For more information on connecting to remote Spark clusters see the [Deployment](http://spark.rstudio.com/deployment.html) section of the sparklyr website.
## Using dplyr
We can now use all of the available dplyr verbs against the tables within the cluster.
We'll start by copying some datasets from R into the Spark cluster (note that you may need to install the nycflights13 and Lahman packages in order to execute this code):
```{r, eval=FALSE}
install.packages(c("nycflights13", "Lahman"))
```
```{r, message=FALSE}
library(dplyr)
iris_tbl <- copy_to(sc, iris)
flights_tbl <- copy_to(sc, nycflights13::flights, "flights")
batting_tbl <- copy_to(sc, Lahman::Batting, "batting")
src_tbls(sc)
```
To start with here's a simple filtering example:
```{r}
# filter by departure delay and print the first few records
flights_tbl %>% filter(dep_delay == 2)
```
[Introduction to dplyr](https://CRAN.R-project.org/package=dplyr) provides additional dplyr examples you can try.
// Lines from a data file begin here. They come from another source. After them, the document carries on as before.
Definition is_svd (R : rcfType) (rows cols : finType) (A : fmat R rows cols)
    (d : svd_data R rows cols) : Prop :=
  let: existT r (sigma, u, v) := d in
  [/\ forall a, 0 < sigma a,
      forall a b, \sum_(x : rows) u a x * u b x = (a == b)%:R,
      forall a b, \sum_(y : cols) v a y * v b y = (a == b)%:R &
      forall x y, A x y = \sum_(a < r) sigma a * u a x * v a y].

Definition svd_inhabited (R : rcfType) (rows cols : finType) :
  inhabited (svd_data R rows cols) :=
  inhabits (existT _ 0%N ((fun _ => 0), (fun _ _ => 0), (fun _ _ => 0))).

Definition svd_of (R : rcfType) (rows cols : finType) (A : fmat R rows cols) :=
  epsilon (@svd_inhabited R rows cols) (is_svd A).

Definition sing_vals (R : rcfType) (rows cols : finType) (A : fmat R rows cols) :
  {r : nat & 'I_r -> R} :=
  let: existT r (sigma, _, _) := svd_of A in existT _ r sigma.

Definition trace_norm (R : rcfType) (rows cols : finType) (A : fmat R rows cols) : R :=
  let: existT r sigma := sing_vals A in \sum_(a < r) sigma a.

Definition spec_norm (R : rcfType) (rows cols : finType) (A : fmat R rows cols) : R :=
  let: existT r sigma := sing_vals A in \big[Num.max/0]_(a < r) sigma a.

Definition tidx (K : nat) (n : 'I_K -> nat) := {dffun forall j : 'I_K, 'I_(n j)}.
Definition tensor (R : rcfType) (K : nat) (n : 'I_K -> nat) := tidx n -> R.

Definition frob2 (R : rcfType) K (n : 'I_K -> nat) (T : tensor R n) : R :=
  \sum_(x : tidx n) T x ^+ 2.

Definition tadd (R : rcfType) K (n : 'I_K -> nat) (S T : tensor R n) : tensor R n :=
  fun x => S x + T x.
Definition tsub (R : rcfType) K (n : 'I_K -> nat) (S T : tensor R n) : tensor R n :=
  fun x => S x - T x.
Definition tsum (R : rcfType) K (n : 'I_K -> nat) (W : 'I_K -> tensor R n) : tensor R n :=
  fun x => \sum_(k < K) W k x.

(* column index of the mode-k unfolding: the indices of all other modes *)
Definition colidx (K : nat) (n : 'I_K -> nat) (k : 'I_K) :=
  {dffun forall j : {j : 'I_K | j != k}, 'I_(n (val j))}.

(* full index from a mode-k index i and the other indices c *)
Definition merge (K : nat) (n : 'I_K -> nat) (k : 'I_K) (i : 'I_(n k))
    (c : colidx n k) : tidx n :=
  @finfun _ (fun j => 'I_(n j)) (fun j : 'I_K =>
    (if j == k as b return (j == k) = b -> 'I_(n j)
     then fun e => cast_ord (congr1 n (esym (eqP e))) i
     else fun e => c (exist _ j (negbT e))) (erefl _)).

(* mode-k unfolding W_(k) : an n_k x (N / n_k) matrix whose columns are the
   mode-k fibers (column order is irrelevant for the norms used) *)
Definition unfold (R : rcfType) K (n : 'I_K -> nat) (k : 'I_K) (T : tensor R n) :
  fmat R 'I_(n k) (colidx n k) := fun i c => T (merge i c).
Arguments unfold {R K n} k T.

Definition objective (R : rcfType) K (n : 'I_K -> nat) (Y : tensor R n) (lam : R)
    (W : 'I_K -> tensor R n) : R :=
  2^-1 * frob2 (tsub Y (tsum W)) + lam * \sum_(k < K) trace_norm (unfold k (W k)).

Definition feasible (R : rcfType) K (n : 'I_K -> nat) (alpha : R)
    (W : 'I_K -> tensor R n) : Prop :=
  forall k l : 'I_K, l != k -> spec_norm (unfold l (W k)) <= alpha.

(* Expanding the square, ||sum_k Delta_k||_F^2 = sum_k ||Delta_k||_F^2 +
   sum_{k <> l} <Delta_k, Delta_l>, so it suffices to bound each cross term
   from below.  Reading <Delta_k, Delta_l> through the mode-k unfolding
   (an isometry) and using trace duality |<A, B>| <= ||A||_{S_1} ||B||_{S_oo},
   the feasibility of What and the assumption on Wst give
   |<Delta_k, What_l - Wst_l>| <= 2 alpha ||Delta_k,(k)||_{S_1}; summing over
   the K - 1 indices l <> k yields the claim. *)
From Pilot Require Import Defs.
From HB Require Import structures.
From mathcomp Require Import all_boot all_order all_algebra.
From mathcomp Require Import complex.
From mathcomp Require Import ring lra.
From Stdlib Require Import ClassicalEpsilon.
Set Implicit Arguments. Unset Strict Implicit. Unset Printing Implicit Defensive.
Import Order.TTheory GRing.Theory Num.Theory.
Local Open Scope ring_scope.
Section RealMatrices.
Variable R : rcfType.

(* A nonzero real symmetric matrix has a nonzero real eigenvalue: diagonalize
   it over R[i] by the spectral theorem and take a nonzero (real) diagonal
   entry. *)
Lemma sym_nonzero_eigenvalue n (S : 'M[R]_n) : S^T = S -> S != 0 ->
  exists2 lam : R, lam != 0 & \det (S - lam%:M) = 0.
Proof.
move=> St Sn0.
pose f := real_complex R.
pose Sc : 'M[R[i]]_n := map_mx f S.
have Sreal : Sc \is a realmx.
  by apply/mxOverP => i j; rewrite mxE; apply/complex_realP; exists (S i j).
have Ssym : Sc \is symmetricmx.
  apply/is_hermitianmxP; rewrite expr0 scale1r map_mx_id //.
  by apply/matrixP => a b; rewrite !mxE -[in RHS]St mxE.
have Sherm := realsym_hermsym Ssym Sreal.
have /orthomx_spectralP Sdiag := hermitian_normalmx Sherm.
have dreal := hermitian_spectral_diag_real Sherm.
set P := spectralmx Sc in Sdiag.
set d := spectral_diag Sc in Sdiag dreal.
have Sc0 : Sc != 0.
  apply: contra Sn0 => /eqP /matrixP Sc0; apply/eqP/matrixP => a b.
  by move: (Sc0 a b); rewrite !mxE => /eqP; rewrite -(rmorph0 f) (inj_eq (@complexI R)) => /eqP.
have [i di0] : exists i, d 0 i != 0.
  apply/existsP; apply: contraNT Sc0; rewrite negb_exists => /forallP d0.
  rewrite Sdiag; apply/eqP; suff -> : diag_mx d = 0 by rewrite mulmx0 mul0mx.
  apply/matrixP => a b; rewrite !mxE; case: eqP => [->|_]; rewrite ?mulr0n //.
  by move: (d0 b); rewrite negbK => /eqP ->; rewrite mul0rn.
have dr : d 0 i \is Num.real by move/mxOverP: dreal; apply.
exists (complex.Re (d 0 i)).
  apply: contra di0 => /eqP h; rewrite -(RRe_real dr) h; apply/eqP; exact: (rmorph0 f).
apply: (@complexI R); rewrite (rmorph0 f) -det_map_mx map_mxB /= map_scalar_mx /=.
rewrite (RRe_real dr) -/Sc Sdiag.
have -> : (d 0 i)%:M = invmx P *m (d 0 i)%:M *m P.
  by rewrite scalar_mxC -mulmxA mulVmx ?spectral_unit // mulmx1.
rewrite -mulmxBl -mulmxBr !det_mulmx det_inv.
have -> : diag_mx d - (d 0 i)%:M = diag_mx (d - const_mx (d 0 i)).
  by apply/matrixP => a b; rewrite !mxE mulrnBl.
by rewrite det_diag (bigD1 i) //= !mxE subrr mul0r mulr0 mul0r.
Qed.

Lemma sqnorm_ge0 k (x : 'rV[R]_k) : 0 <= (x *m x^T) 0 0.
Proof. by rewrite mxE; apply: sumr_ge0 => j _; rewrite mxE -expr2 sqr_ge0. Qed.

Lemma sqnorm_eq0 k (x : 'rV[R]_k) : ((x *m x^T) 0 0 == 0) = (x == 0).
Proof.
apply/idP/idP => [|/eqP ->]; last by rewrite mul0mx mxE.
rewrite mxE => /eqP x0; apply/eqP/matrixP => i j; rewrite mxE ord1.
have sq0 a : true -> 0 <= x 0 a * x^T a 0 by rewrite mxE -expr2 sqr_ge0.
by move: (psumr_eq0P sq0 x0 (i:=j) isT); rewrite mxE -expr2 => /eqP; rewrite sqrf_eq0 => /eqP.
Qed.

(* A^T A = 0 forces A = 0 (its diagonal holds the squared column norms). *)
Lemma trmx_mul_eq0 m n (A : 'M[R]_(m, n)) : A^T *m A = 0 -> A = 0.
Proof.
move=> AtA0; apply/matrixP => i j; rewrite [RHS]mxE.
have := congr1 (fun M : 'M[R]_n => M j j) AtA0; rewrite !mxE => col0.
have sq0 a : true -> 0 <= A^T j a * A a j by rewrite mxE -expr2 sqr_ge0.
by move: (psumr_eq0P sq0 col0 (i:=i) isT); rewrite mxE -expr2 => /eqP; rewrite sqrf_eq0 => /eqP.
Qed.

(* Take v a unit eigenvector of A^T A for
   a nonzero eigenvalue lam (then lam = |v A^T|^2 > 0), sg = sqrt lam and
   u = sg^-1 v A^T. *)
Lemma singular_triple m n (A : 'M[R]_(m, n)) : A != 0 ->
  exists sg (u : 'rV_m) (v : 'rV_n),
    [/\ 0 < sg, u *m u^T = 1%:M, v *m v^T = 1%:M,
        u *m A = sg *: v & A *m v^T = sg *: u^T].
Proof.
move=> An0; pose S := A^T *m A.
have St : S^T = S by rewrite /S trmx_mul trmxK.
have Sn0 : S != 0 by apply: contra An0 => /eqP /trmx_mul_eq0 ->.
have [lam lam0 detS] := sym_nonzero_eigenvalue St Sn0.
have /det0P [w w0 wS] : \det (S - lam%:M) == 0 by rewrite detS.
have wS' : w *m S = lam *: w.
  by move/eqP: wS; rewrite mulmxBr mul_mx_scalar subr_eq0 => /eqP.
set nw := (w *m w^T) 0 0.
have nw0 : 0 < nw by rewrite lt0r sqnorm_eq0 w0 sqnorm_ge0.
pose v := (Num.sqrt nw)^-1 *: w.
have vv : v *m v^T = 1%:M.
  rewrite [LHS]mx11_scalar; congr (_%:M).
  rewrite /v linearZ /= -scalemxAl -scalemxAr mxE [X in _ * X]mxE -/nw mulrA.
  by rewrite -expr2 exprVn sqr_sqrtr ?ltW // mulVf // gt_eqF.
have vS : v *m S = lam *: v by rewrite /v -scalemxAl wS' scalerA mulrC -scalerA.
clearbody v; pose x := v *m A^T.
have xx : x *m x^T = lam%:M.
  by rewrite /x trmx_mul trmxK mulmxA -(mulmxA v) -/S vS -scalemxAl vv scalemx1.
have lam_gt0 : 0 < lam.
  by move: (sqnorm_ge0 x); rewrite xx mxE eqxx mulr1n lt0r lam0.
pose sg := Num.sqrt lam.
have sg_gt0 : 0 < sg by rewrite sqrtr_gt0.
have sg2 : sg ^+ 2 = lam by rewrite sqr_sqrtr ?ltW.
exists sg, (sg^-1 *: x), v; split => //.
- rewrite linearZ /= -scalemxAl -scalemxAr xx scalerA scale_scalar_mx -sg2 expr2.
  by rewrite mulrACA mulVf ?gt_eqF // mulr1.
- rewrite /x -scalemxAl -mulmxA -/S vS scalerA -sg2.
  by rewrite expr2 mulrA mulVf ?gt_eqF // mul1r.
by rewrite linearZ /= scalerA divff ?gt_eqF // scale1r /x trmx_mul trmxK.
Qed.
For example, consider the last example from the tutorial which plots data on flight delays:
```{r ggplot2}
delay <- flights_tbl %>%
group_by(tailnum) %>%
summarise(count = n(), dist = mean(distance), delay = mean(arr_delay)) %>%
filter(count > 20, dist < 2000, !is.na(delay)) %>%
collect
# plot delays
library(ggplot2)
ggplot(delay, aes(dist, delay)) +
geom_point(aes(size = count), alpha = 1/2) +
geom_smooth() +
scale_size_area(max_size = 2)
```
### Window Functions
dplyr [window functions](https://CRAN.R-project.org/package=dplyr) are also supported, for example:
```{r}
batting_tbl %>%
select(playerID, yearID, teamID, G, AB:H) %>%
arrange(playerID, yearID, teamID) %>%
group_by(playerID) %>%
filter(min_rank(desc(H)) <= 2 & H > 0)
```
For additional documentation on using dplyr with Spark see the [dplyr](http://spark.rstudio.com/dplyr.html) section of the sparklyr website.
## Using SQL
It's also possible to execute SQL queries directly against tables within a Spark cluster. The `spark_connection` object implements a [DBI](https://github.com/rstats-db/DBI) interface for Spark, so you can use `dbGetQuery` to execute SQL and return the result as an R data frame:
```{r}
library(DBI)
iris_preview <- dbGetQuery(sc, "SELECT * FROM iris LIMIT 10")
iris_preview
```
## Machine Learning
You can orchestrate machine learning algorithms in a Spark cluster via the [machine learning](http://spark.apache.org/docs/latest/mllib-guide.html) functions within **sparklyr**. These functions connect to a set of high-level APIs built on top of DataFrames that help you create and tune machine learning workflows.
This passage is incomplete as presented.